YOUR TASK =
Exactly the lines below from the one with "- by move=> z; rewrite -(perm_mem eN) => /NS." up to and including the one with "have wxq : w" make up the answer, with nothing else added.

(RECORDS Opens)

(* Let $G$ be a 2-connected simple graph with maximum degree $\Delta(G)$. Then $\phi(G)\ge \lfloor \Delta(G)/2\rfloor$.
   Context: For a graph $G$, $\phi(G)$ is the maximum number of pairwise edge-disjoint cycles in $G$. *)

From mathcomp Require Import all_boot.
Set Implicit Arguments. Unset Strict Implicit. Unset Printing Implicit Defensive.

Definition simple_graph (T : finType) (e : rel T) : Prop :=
  symmetric e /\ irreflexive e.

Definition deg (T : finType) (e : rel T) (x : T) : nat := #|[set y | e x y]|.
Definition max_deg (T : finType) (e : rel T) : nat := \max_(x : T) deg e x.

Definition del_vertex (T : finType) (e : rel T) (v : T) : rel T :=
  [rel a b | [&& e a b, a != v & b != v]].

Definition connected_graph (T : finType) (e : rel T) : Prop :=
  forall x y : T, connect e x y.

Definition two_connected (T : finType) (e : rel T) : Prop :=
  [/\ 3 <= #|T|, connected_graph e &
      forall v x y : T, x != v -> y != v -> connect (del_vertex e v) x y].

Definition is_cycle (T : finType) (e : rel T) (c : seq T) : bool :=
  (3 <= size c) && ucycleb e c.

Definition cycle_edges (T : finType) (c : seq T) : {set {set T}} :=
  [set [set x; next c x] | x in c].

Definition edge_disjoint_cycles (T : finType) (e : rel T) (cs : seq (seq T)) : Prop :=
  all (is_cycle e) cs /\
  pairwise (fun c1 c2 => [disjoint cycle_edges c1 & cycle_edges c2]) cs.

(* phi(G) >= k : there exist k pairwise edge-disjoint cycles. *)
Definition phi_ge (T : finType) (e : rel T) (k : nat) : Prop :=
  exists cs : seq (seq T), edge_disjoint_cycles e cs /\ size cs = k.

From mathcomp Require Import all_boot.
Set Implicit Arguments. Unset Strict Implicit. Unset Printing Implicit Defensive.

(* Let v be a vertex of maximum degree and N its neighbourhood.  As G - v is
   connected, it contains |N|/2 edge-disjoint paths whose endpoints are pairwise
   distinct vertices of N; closing each of them through v gives the cycles.
   Such paths pairing up any S inside a vertex set A are found by induction
   along a connected growth of A: when a vertex w adjacent to a \in A is added,
   either w is not in S, or the edge wa is a new path (if a is in S), or we
   pair up S - w + a and then prolong by wa the path ending at a, if any. *)

Lemma uniq_flatten_disjoint (T : finType) (ss : seq (seq T)) :
  uniq (flatten ss) -> pairwise (fun s t => [disjoint s & t]) ss.
Proof.
elim: ss => //= s ss IHss; rewrite cat_uniq => /and3P[_ s_ss /IHss->]; rewrite andbT.
apply/allP => t tss; rewrite disjoint_sym disjoint_has; apply: contra s_ss.
by case/hasP=> x xt xs; apply/hasP; exists x => //; apply/flattenP; exists t.
Qed.

Section PathEdges.
Variable T : finType.

Definition path_edges (p : seq T) : seq {set T} :=
  if p is x :: q then pairmap (fun a b => [set a; b]) x q else [::].

Definition endpoints (p : seq T) : seq T :=
  if p is x :: q then [:: x; last x q] else [::].

Lemma endpoints_sub p : {subset endpoints p <= p}.
Proof.
case: p => [|x q] //= y; rewrite mem_seq2 => /orP[]/eqP->.
  exact: mem_head.
exact: mem_last.
Qed.

Lemma path_edges_sub p E z : E \in path_edges p -> z \in E -> z \in p.
Proof.
case: p => [|x q] //=; elim: q x => [|y q IHq] x //=.
rewrite inE => /orP[/eqP-> | /IHq Eq_z zE]; last by rewrite inE Eq_z ?orbT.
by rewrite !inE => /orP[]->; rewrite ?orbT.
Qed.

Lemma cycle_edges_sub x q : {subset cycle_edges (x :: q) <= path_edges (x :: rcons q x)}.
Proof.
move=> E /imsetP[y yc ->]; rewrite next_nth yc -nth_rcons_default.
have lt_i : index y (x :: q) < size (rcons q x) by rewrite size_rcons index_mem.
set i := index y (x :: q) in lt_i *.
rewrite -{1}(nth_index x yc) -/i -nth_rcons_default -[rcons (x :: q) x]/(x :: rcons q x).
rewrite -(nth_pairmap x set0 (fun a b => [set a; b]) lt_i).
by rewrite mem_nth ?size_pairmap.
Qed.

Lemma cycle_edges_cons v p E : p != [::] -> E \in cycle_edges (v :: p) ->
  (exists2 a, a \in endpoints p & E = [set v; a]) \/ E \in path_edges p.
Proof.
case: p => [|x q] // _ /cycle_edges_sub /=.
rewrite -cats1 pairmap_cat in_cons mem_cat mem_seq1 /=.
case/or3P=> [/eqP-> | Eq | /eqP->]; [left | by right | left].
  by exists x; rewrite ?mem_head.
by exists (last x q); [rewrite mem_seq2 eqxx orbT | rewrite setUC].
Qed.

Lemma disjoint_cycle_edges_cons v p q : p != [::] -> q != [::] ->
  v \notin p -> v \notin q -> [disjoint endpoints p & endpoints q] ->
  [disjoint path_edges p & path_edges q] ->
  [disjoint cycle_edges (v :: p) & cycle_edges (v :: q)].
Proof.
move=> p0 q0 vp vq dN dE; apply/pred0P => E; apply/negP => /andP[].
move=> /(cycle_edges_cons p0)[[a ap ->] | Ep] /(cycle_edges_cons q0)[[b bq Eb] | Eq].
- have /set2P[av | ab] : a \in [set v; b] by rewrite -Eb set22.
    by rewrite -av (endpoints_sub ap) in vp.
  by rewrite -ab (disjointFr dN ap) in bq.
- by rewrite (path_edges_sub Eq (set21 v a)) in vq.
- by rewrite (path_edges_sub Ep (_ : v \in E)) ?Eb ?set21 in vp.
- by rewrite (disjointFr dE Ep) in Eq.
Qed.

End PathEdges.

Section Pairing.
Variables (T : finType) (e : rel T).
Hypothesis e_sym : symmetric e.
Implicit Types (A B S : {set T}) (p q : seq T) (F G : seq (seq T)).

Definition upath_in (A : {set T}) (p : seq T) : bool :=
  if p is x :: q then [&& q != [::], path e x q, uniq p & all (mem A) p] else false.

Lemma upath_in_sub A p : upath_in A p -> {subset p <= A}.
Proof. by case: p => [|x q] // /and4P[_ _ _ /allP]. Qed.

Lemma upath_in_widen A B p : A \subset B -> upath_in A p -> upath_in B p.
Proof.
case: p => [|x q] // AB /and4P[q0 xq uxq pA]; apply/and4P; split=> //.
by apply: sub_all pA => y /(subsetP AB).
Qed.

Definition edges_of (F : seq (seq T)) : seq {set T} := flatten [seq path_edges p | p <- F].
Definition ends_of (F : seq (seq T)) : seq T := flatten [seq endpoints p | p <- F].

Definition pairing (A S : {set T}) (F : seq (seq T)) : Prop :=
  [/\ size F = #|S|./2, all (upath_in A) F, uniq (edges_of F),
      uniq (ends_of F) & {subset ends_of F <= S}].

Definition pairable (A : {set T}) : Prop :=
  forall S, S \subset A -> exists F, pairing A S F.

Lemma edges_of_sub A F E z :
  all (upath_in A) F -> E \in edges_of F -> z \in E -> z \in A.
Proof.
move=> /allP FA /flatten_mapP[p pF Ep] zE.
exact: upath_in_sub (FA p pF) _ (path_edges_sub Ep zE).
Qed.

Lemma ends_of_sub A F : all (upath_in A) F -> {subset ends_of F <= A}.
Proof.
move=> /allP FA z /flatten_mapP[p pF zp].
exact: upath_in_sub (FA p pF) _ (endpoints_sub zp).
Qed.

Lemma pairing_widen A B S F : A \subset B -> pairing A S F -> pairing B S F.
Proof.
move=> AB [sizeF FA uE uN NS]; split=> //.
by apply: sub_all FA => p; apply: upath_in_widen.
Qed.

Lemma pairing_perm A S F G : perm_eq F G -> pairing A S F -> pairing A S G.
Proof.
move=> FG [sizeF FA uE uN NS].
have eE : perm_eq (edges_of F) (edges_of G) by apply/perm_flatten/perm_map.
have eN : perm_eq (ends_of F) (ends_of G) by apply/perm_flatten/perm_map.
split; first by rewrite -(perm_size FG).
- by rewrite -(perm_all _ FG).
- by rewrite -(perm_uniq eE).
- by rewrite -(perm_uniq eN).
- by move=> z; rewrite -(perm_mem eN) => /NS.
Qed.

Lemma pairable_small A : #|A| <= 1 -> pairable A.
Proof.
move=> A1 S SA; exists [::]; split=> //=.
by have := leq_trans (subset_leq_card SA) A1; case: #|S| => [|[]].
Qed.

Lemma cardsU1D1 S a w : a \notin S -> w \in S -> #|a |: (S :\ w)| = #|S|.
Proof. by move=> aS wS; rewrite cardsU1 in_setD1 (negbTE aS) andbF (cardsD1 w S) wS. Qed.

Lemma pairing_skip A S F a w : a \notin ends_of F -> a \notin S -> w \in S ->
  pairing A (a |: (S :\ w)) F -> pairing A S F.
Proof.
move=> aF aS wS [sizeF FA uE uN NS]; split=> //.
  by rewrite sizeF cardsU1D1.
move=> z zF; have /setU1P[za | /setD1P[_ //]] := NS z zF.
by rewrite -za zF in aF.
Qed.

Section Extension.
Variables (A : {set T}) (a w : T).
Hypotheses (aA : a \in A) (wA : w \notin A) (e_aw : e a w).

Lemma upath_extend p : upath_in A p -> a \in endpoints p ->
  exists2 p', upath_in (w |: A) p' &
    exists o, [/\ perm_eq (path_edges p') ([set w; a] :: path_edges p),
                  perm_eq (endpoints p) [:: a; o] & perm_eq (endpoints p') [:: w; o]].
Proof.
case: p => [|x q] // /[dup] xqA /and4P[q0 xq uxq _] /=.
have wxq : w \notin x :: q by apply: contra wA => /(upath_in_sub xqA).
have /and4P[_ _ _ all_wA] := upath_in_widen (subsetUr [set w] A) xqA.
rewrite mem_seq2 => /orP[/eqP ax | /eqP a_last].
  subst x; exists (w :: a :: q); last by exists (last a q); split; apply: perm_refl.
  apply/and4P; split=> //; first by rewrite /= e_sym e_aw.
    by rewrite cons_uniq wxq.
  by apply/andP; split; [exact: setU11 | exact: all_wA].
exists (rcons (x :: q) w).
  apply/and4P; split; first by rewrite -size_eq0 size_rcons.
  - by rewrite rcons_path xq -a_last e_aw.
  - by rewrite rcons_uniq wxq.
  - by rewrite all_rcons; apply/andP; split; [exact: setU11 | exact: all_wA].
exists x; rewrite /= last_rcons -a_last; split.
- by rewrite -cats1 pairmap_cat cats1 -a_last setUC perm_rcons.
- by rewrite (perm_catC [:: x] [:: a]).
- by rewrite (perm_catC [:: x] [:: w]).
Qed.

Lemma new_edge_fresh F : all (upath_in A) F -> [set w; a] \notin edges_of F.
Proof. by move=> FA; apply: contra wA => /(edges_of_sub FA); apply; rewrite set21. Qed.

Lemma pairing_add_edge S F : a \in S -> w \in S ->
  pairing A (S :\ w :\ a) F -> pairing (w |: A) S ([:: w; a] :: F).
Proof.
move=> aS wS [sizeF FA uE uN NS].
have aw : a != w by apply: contraNneq wA => <-.
have NS' z : z \in ends_of F -> [&& z != a, z != w & z \in S] by move/NS; rewrite !inE.
split.
- by rewrite /= sizeF (cardsD1 w S) wS (cardsD1 a (S :\ w)) !inE aw aS.
- apply/andP; split; last by apply: sub_all FA => p; apply/upath_in_widen/subsetUr.
  apply/and4P; split=> //; first by rewrite /= e_sym e_aw.
    by rewrite /= inE eq_sym aw.
  by rewrite /= setU11 inE aA orbT.
- by rewrite cons_uniq new_edge_fresh.
- rewrite /= !inE negb_or eq_sym aw uN andbT.
  by apply/andP; split; apply/negP => /NS' /and3P[]; rewrite eqxx.
- move=> z; rewrite mem_cat mem_seq2 => /orP[/orP[]/eqP-> // | /NS'/and3P[] //].
Qed.

Lemma pairing_extend S q G : a \in endpoints q -> a \notin S -> w \in S ->
  pairing A (a |: (S :\ w)) (q :: G) -> exists F, pairing (w |: A) S F.
Proof.
move=> aq aS wS [sizeF FA uE uN NS].
have /andP[qA GA] : upath_in A q && all (upath_in A) G := FA.
have [q' q'A [o [Eq' Nq Nq']]] := upath_extend qA aq.
have NqG : perm_eq (ends_of (q :: G)) (a :: o :: ends_of G) by apply: perm_cat Nq _.
have Nq'G : perm_eq (ends_of (q' :: G)) (w :: o :: ends_of G) by apply: perm_cat Nq' _.
have : uniq (a :: o :: ends_of G) by rewrite -(perm_uniq NqG).
rewrite !cons_uniq => /and3P[a_oG o_G uG].
have oG_qG z : z \in o :: ends_of G -> z \in ends_of (q :: G).
  by move=> zoG; rewrite (perm_mem NqG) inE zoG orbT.
have oG_w z : z \in o :: ends_of G -> z != w.
  by move/oG_qG/(ends_of_sub FA); apply: contraTneq => ->.
exists (q' :: G); split.
- by rewrite -(cardsU1D1 aS wS) -sizeF.
- by rewrite /= q'A; apply: sub_all GA => p; apply/upath_in_widen/subsetUr.
- rewrite /edges_of /= (perm_uniq (perm_cat Eq' (perm_refl _))).
  by apply/andP; split; [exact: new_edge_fresh FA | exact: uE].
- rewrite (perm_uniq Nq'G) !cons_uniq o_G uG !andbT.
  by apply/negP => /oG_w; rewrite eqxx.
- move=> z; rewrite (perm_mem Nq'G) in_cons => /predU1P[-> // | zoG].
  have /setU1P[za | /setD1P[] //] := NS z (oG_qG z zoG).
  by rewrite -za zoG in a_oG.
Qed.
End Extension.

Lemma pairableU1 A a w : pairable A -> a \in A -> w \notin A -> e a w ->
  pairable (w |: A).
Proof.
move=> pairA aA wA e_aw S SwA.
have SwA' : S :\ w \subset A by rewrite subDset.
have [wS | wS] := boolP (w \in S); last first.
  have [F pF] : exists F, pairing A S F.
    by apply: pairA; apply: subset_trans SwA'; rewrite subsetD1 subxx.
  by exists F; apply: pairing_widen (subsetUr _ _) pF.
have [aS | aS] := boolP (a \in S).
  have [F pF] := pairA _ (subset_trans (subD1set _ a) SwA').
  by exists ([:: w; a] :: F); apply: pairing_add_edge.
have [F pF] : exists F, pairing A (a |: (S :\ w)) F.
  by apply: pairA; rewrite subUset sub1set aA.
have [/flatten_mapP[q qF aq] | aF] := boolP (a \in ends_of F).
  exact: pairing_extend aq aS wS (pairing_perm (perm_to_rem qF) pF).
by exists F; apply: pairing_widen (subsetUr _ _) (pairing_skip aF aS wS pF).
Qed.

Lemma connect_cross (r : rel T) A x y : connect r x y -> x \in A -> y \notin A ->
  exists a b, [/\ r a b, a \in A & b \notin A].
Proof.
move/connectP=> [p]; elim: p x => [|z p IHp] x /=; first by move=> _ -> ->.
case/andP=> rxz zp yz xA yA; have [zA | zA] := boolP (z \in A).
  exact: IHp zp yz zA yA.
by exists x, z.
Qed.

Lemma pairable_connected B (r : rel T) : subrel r e ->
  (forall a b, r a b -> b \in B) -> {in B &, forall x y, connect r x y} ->
  pairable B.
Proof.
move=> r_e r_B B_conn.
have grow n : n <= #|B| -> exists A, [/\ A \subset B, #|A| = n & pairable A].
  elim: n => [|n IHn] ltnB.
    exists set0; rewrite sub0set cards0.
    by split=> //; apply: pairable_small; rewrite cards0.
  have [A [AB cardA pairA]] := IHn (ltnW ltnB).
  have /subsetPn[y yB yA] : ~~ (B \subset A).
    by apply: contraTN ltnB => /subset_leq_card; rewrite cardA -ltnNge.
  have [A0 | [x xA]] := set_0Vmem A.
    exists [set y]; rewrite sub1set yB cards1 -cardA A0 cards0.
    by split=> //; apply: pairable_small; rewrite cards1.
  have [a [b [rab aA bA]]] := connect_cross (B_conn x y (subsetP AB x xA) yB) xA yA.
  exists (b |: A); rewrite subUset sub1set (r_B _ _ rab) AB cardsU1 bA cardA.
  by split=> //; apply: pairableU1 pairA aA bA (r_e _ _ rab).
have [A [AB cardA pairA]] := grow _ (leqnn #|B|).
suff -> : B = A by [].
by apply/eqP; rewrite eq_sym eqEcard AB cardA leqnn.
Qed.

Lemma is_cycle_cons v A p : upath_in A p -> v \notin A ->
  (forall a, a \in endpoints p -> e v a) -> is_cycle e (v :: p).
Proof.
case: p => [|x q] // /[dup] xqA /and4P[q0 xq uxq _] vA v_ends.
have vxq : v \notin x :: q by apply: contra vA => /(upath_in_sub xqA).
have evx : e v x by apply: v_ends; rewrite mem_head.
have elv : e (last x q) v by rewrite e_sym; apply: v_ends; rewrite mem_seq2 eqxx orbT.
rewrite /is_cycle /ucycleb cons_uniq vxq uxq /= rcons_path xq evx elv !andbT.
by rewrite !ltnS lt0n size_eq0.
Qed.

Lemma pairing_cycles v A S F : v \notin A -> (forall y, y \in S -> e v y) ->
  pairing A S F -> edge_disjoint_cycles e [seq v :: p | p <- F].
Proof.
move=> vA Sv [_ FA uE uN NS]; split.
  apply/allP => _ /mapP[p pF ->]; apply: is_cycle_cons (allP FA p pF) vA _.
  by move=> a ap; apply/Sv/NS/flatten_mapP; exists p.
have dN := uniq_flatten_disjoint uN; have dE := uniq_flatten_disjoint uE.
move: (conj dN dE) => /andP; rewrite !pairwise_map -pairwise_relI.
apply: sub_in_pairwise FA => p q pA qA /andP[dpq_N dpq_E] /=.
have [p0 q0] : p != [::] /\ q != [::] by case: p q pA qA {dpq_N dpq_E} => [|x p] [|y q].
apply: disjoint_cycle_edges_cons => //; apply: contra vA; exact: upath_in_sub.
Qed.

End Pairing.

Theorem corollary2p2 (T : finType) (e : rel T) :
  simple_graph e -> two_connected e -> phi_ge e (max_deg e)./2.
Proof.
move=> [e_sym e_irr] [T3 _ conn_del].
have [v ->] : {v | max_deg e = deg e v} by apply: eq_bigmax; apply: leq_trans T3.
have [F pF] : exists F, pairing e [set~ v] [set y | e v y] F.
  apply: (pairable_connected e_sym (r := del_vertex e v)).
  - by move=> x y /and3P[].
  - by move=> x y /and3P[_ _ yv]; rewrite !inE.
  - by move=> x y; rewrite !inE; apply: conn_del.
  - by apply/subsetP => y; rewrite !inE; apply: contraTneq => ->; rewrite e_irr.
exists [seq v :: p | p <- F]; split; last by rewrite size_map; case: pF.
apply: (pairing_cycles e_sym _ _ pF) => [|y]; rewrite !inE ?eqxx //.
Qed.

(RECORDS Closes)

FINISHED TASK =
- by move=> z; rewrite -(perm_mem eN) => /NS.
Qed.

Lemma pairable_small A : #|A| <= 1 -> pairable A.
Proof.
move=> A1 S SA; exists [::]; split=> //=.
by have := leq_trans (subset_leq_card SA) A1; case: #|S| => [|[]].
Qed.

Lemma cardsU1D1 S a w : a \notin S -> w \in S -> #|a |: (S :\ w)| = #|S|.
Proof. by move=> aS wS; rewrite cardsU1 in_setD1 (negbTE aS) andbF (cardsD1 w S) wS. Qed.

Lemma pairing_skip A S F a w : a \notin ends_of F -> a \notin S -> w \in S ->
  pairing A (a |: (S :\ w)) F -> pairing A S F.
Proof.
move=> aF aS wS [sizeF FA uE uN NS]; split=> //.
  by rewrite sizeF cardsU1D1.
move=> z zF; have /setU1P[za | /setD1P[_ //]] := NS z zF.
by rewrite -za zF in aF.
Qed.

Section Extension.
Variables (A : {set T}) (a w : T).
Hypotheses (aA : a \in A) (wA : w \notin A) (e_aw : e a w).

Lemma upath_extend p : upath_in A p -> a \in endpoints p ->
  exists2 p', upath_in (w |: A) p' &
    exists o, [/\ perm_eq (path_edges p') ([set w; a] :: path_edges p),
                  perm_eq (endpoints p) [:: a; o] & perm_eq (endpoints p') [:: w; o]].
Proof.
case: p => [|x q] // /[dup] xqA /and4P[q0 xq uxq _] /=.
have wxq : w \notin x :: q by apply: contra wA => /(upath_in_sub xqA).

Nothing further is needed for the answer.